At least one of the repositories seems to use the developer’s $GOPATH
as the repository root,
which would certainly make developing it alongside anything else impractical.
oniony/TMSU:src/github.com/oniony/TMSU/cli/mount.go
Tumblr also seems to use the same model, but they have their own mini-monolithic repository with a
ton of packages under the /src
directory
tumblr/gocircuit:src/tumblr/redis/redis.go
tumblr/gocircuit:src/circuit/kit/debug/ctrlc/init.go
Vendoring
It’s done nearly as many ways as there are repositories. In order to pick out the source files for each project, I scrolled through all 50-thousand-odd files in an intermediate list to see if there were any vendored packages. I wanted to exclude them generally for analysis, but it’s quite difficult because of the variety of ways vendoring is done.

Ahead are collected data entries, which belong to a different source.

(* The scheme-theoretic image of the morphism $\pi:\mathscr E\to\mathscr L$ coincides with the variety of X-states $\mathscr X$.
   Context: Let $V_1,\dots,V_n$ be two-dimensional complex vector spaces, $\mathscr V_i=\mathfrak{sl}(V_i)$ with form $\langle A,B\rangle=\tfrac12\operatorname{tr}(AB)$, $\mathscr L$ the affine space of trace-one endomorphisms of $V_1\otimes\cdots\otimes V_n$, identified (Bloch model) with $\bigoplus_{\emptyset\ne I\subseteq\{1,\dots,n\}}\mathscr V_I$, $\mathscr V_I=\bigotimes_{i\in I}\mathscr V_i$, via $\rho=2^{-n}\mathrm{id}+\sum_I\rho_I$ (with $\mathscr V_I$ embedded in $\mathrm{End}(V_1\otimes\cdots\otimes V_n)$ by tensoring with identities). An X-state is a $\rho\in\mathscr L$ which for some ordered bases $\{e^i_0,e^i_1\}$ of the $V_i$ preserves the span of basis tensors $e^1_{\phi(1)}\otimes\cdots\otimes e^n_{\phi(n)}$ with $\sum\phi(i)$ even and the span of those with $\sum\phi(i)$ odd; $\mathscr X$ is the Zariski closure in $\mathscr L$ of the set of X-states with reduced structure. Let $\breve{\mathbb P}(\mathscr V_i)\subseteq\mathbb P(\mathscr V_i)$ be the open set of lines spanned by $v$ with $\langle v,v\rangle\neq0$, and $\breve P=\prod_i\breve{\mathbb P}(\mathscr V_i)$. For $\mathfrak B=(\mathscr V_1^\ell,\dots,\mathscr V_n^\ell)\in\breve P$ let $\mathscr V_i^t=(\mathscr V_i^\ell)^\perp$, let $\mathscr V_I^e$ be spanned by tensors $\bigotimes_{i\in I}x_i$ with each $x_i\in\mathscr V_i^\ell$ or $x_i\in\mathscr V_i^t$ and an even number transversal, and $X(\mathfrak B)=\bigoplus_{\emptyset\ne I}\mathscr V_I^e$. Let $\mathscr E\to\breve P$ be the vector bundle (a subbundle of the trivial bundle $\breve P\times\mathscr L$, namely the direct sum over pairs of disjoint $I,J$ with $I\cup J\ne\emptyset$, $|J|$ even, of the bundles with fibers $\bigotimes_{i\in I}\mathscr V_i^\ell\otimes\bigotimes_{j\in J}\mathscr V_j^t$) whose fiber over $\mathfrak B$ is $X(\mathfrak B)$, and $\pi:\mathscr E\to\mathscr L$ the morphism restricting on each fiber to the inclusion $X(\mathfrak B)\subseteq\mathscr L$. *)

From HB Require Import structures.
From mathcomp Require Import all_boot all_algebra.
From mathcomp Require Import reals complex.
From mathcomp Require mpoly.

Set Implicit Arguments.
Unset Strict Implicit.
Unset Printing Implicit Defensive.
Import GRing.Theory.
Local Open Scope ring_scope.

Section XStates.
Variables (K : fieldType) (n : nat).

(* Basis labels phi : {1..n} -> {0,1} of the tensor basis
   e^1_{phi 1} (x) ... (x) e^n_{phi n} of V_1 (x) ... (x) V_n, V_i = K^2. *)
Definition idx := {ffun 'I_n -> 'I_2}.

(* Endomorphisms of V_1 (x) ... (x) V_n, as matrices indexed by idx. *)
Definition op := idx -> idx -> K.

Definition idop : op := fun phi psi => (phi == psi)%:R.

Definition trace (rho : op) : K := \sum_phi rho phi phi.

Definition in_L (rho : op) : Prop := trace rho = 1.

Definition tens (x : 'I_n -> 'M[K]_2) : op :=
  fun phi psi => \prod_i x i (phi i) (psi i).

Definition sl2 (A : 'M[K]_2) : Prop := \tr A = 0.
Definition formB (A B : 'M[K]_2) : K := 2%:R^-1 * \tr (A *m B).

(* A point B = (V_1^l, ..., V_n^l) of P-breve, given by spanning vectors v i
   of the lines V_i^l, with v i in sl(V_i) and <v i, v i> <> 0. *)
Definition in_Pbreve (v : 'I_n -> 'M[K]_2) : Prop :=
  forall i, sl2 (v i) /\ formB (v i) (v i) <> 0.

Definition in_line (w x : 'M[K]_2) : Prop := exists c : K, x = c *: w.
Definition in_transv (w x : 'M[K]_2) : Prop := sl2 x /\ formB w x = 0.

(* Spanning tensors of X(B) = (+)_{I nonempty} V_I^e, embedded in End(V) by
   tensoring with identities: I nonempty, J subset I the transversal factors,
   |J| even, x_i in V_i^l for i in I\J, x_i in V_i^t for i in J, x_i = id
   for i outside I. *)
Definition X_generator (v : 'I_n -> 'M[K]_2) (y : op) : Prop :=
  exists (I J : {set 'I_n}) (x : 'I_n -> 'M[K]_2),
    I != set0 /\ J \subset I /\ ~~ odd #|J| /\
    (forall i, i \in I :\: J -> in_line (v i) (x i)) /\
    (forall i, i \in J -> in_transv (v i) (x i)) /\
    (forall i, i \notin I -> x i = 1%:M) /\
    y = tens x.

Some people store external dependencies in special folders, with names like:
- Godeps
- vendor
- _vendor
- third_party
- _third_party
- 3rdparty
- external
Or alongside their own code (e.g.):
yinqiwen/gsnova:src/code.google.com/p/go.crypto/ssh/terminal/util.go
cloudfoundry-incubator/lattice-release:src/github.com/docker/docker/pkg/archive/changes_linux.go
tardisgo/tardisgo:goroot/haxe/go1.4/src/runtime_replaced/iface.go
vole/vole:src/code.google.com/p/go.net/ipv4/header.go
getlantern/lantern:src/golang.org/x/tools/go/ssa/interp/reflect.go
mindreframer/golang-stuff:github.com/moovweb/gokogiri/html/document.go
mindreframer/golang-devops-stuff:src/github.com/dotcloud/docker/daemon/graphdriver/btrfs/btrfs.go
hyperhq/hyper:lib/docker/pkg/system/utimes_freebsd.go
Open Source Books and Websites
Many books and websites exist as public repositories on Github:
- adonovan/gopl.io
- Unknwon/the-way-to-go_ZH_CN (A few from Unknwon, actually)
- studygolang/studygolang
I’m a big fan of this approach, mostly because the community can send pull requests and fix things that need a bit more clarification, or edit the work so it stays a living document of the subject matter. I also keep my blog as a public repository because I don’t think it makes sense to hide something that’s already public.
Age
The pace has been picking up over time for creation of great Go projects:
Of the top 1000, 815 were updated in the last 7 days (with some possible play because I can’t download all repos at exactly the same time).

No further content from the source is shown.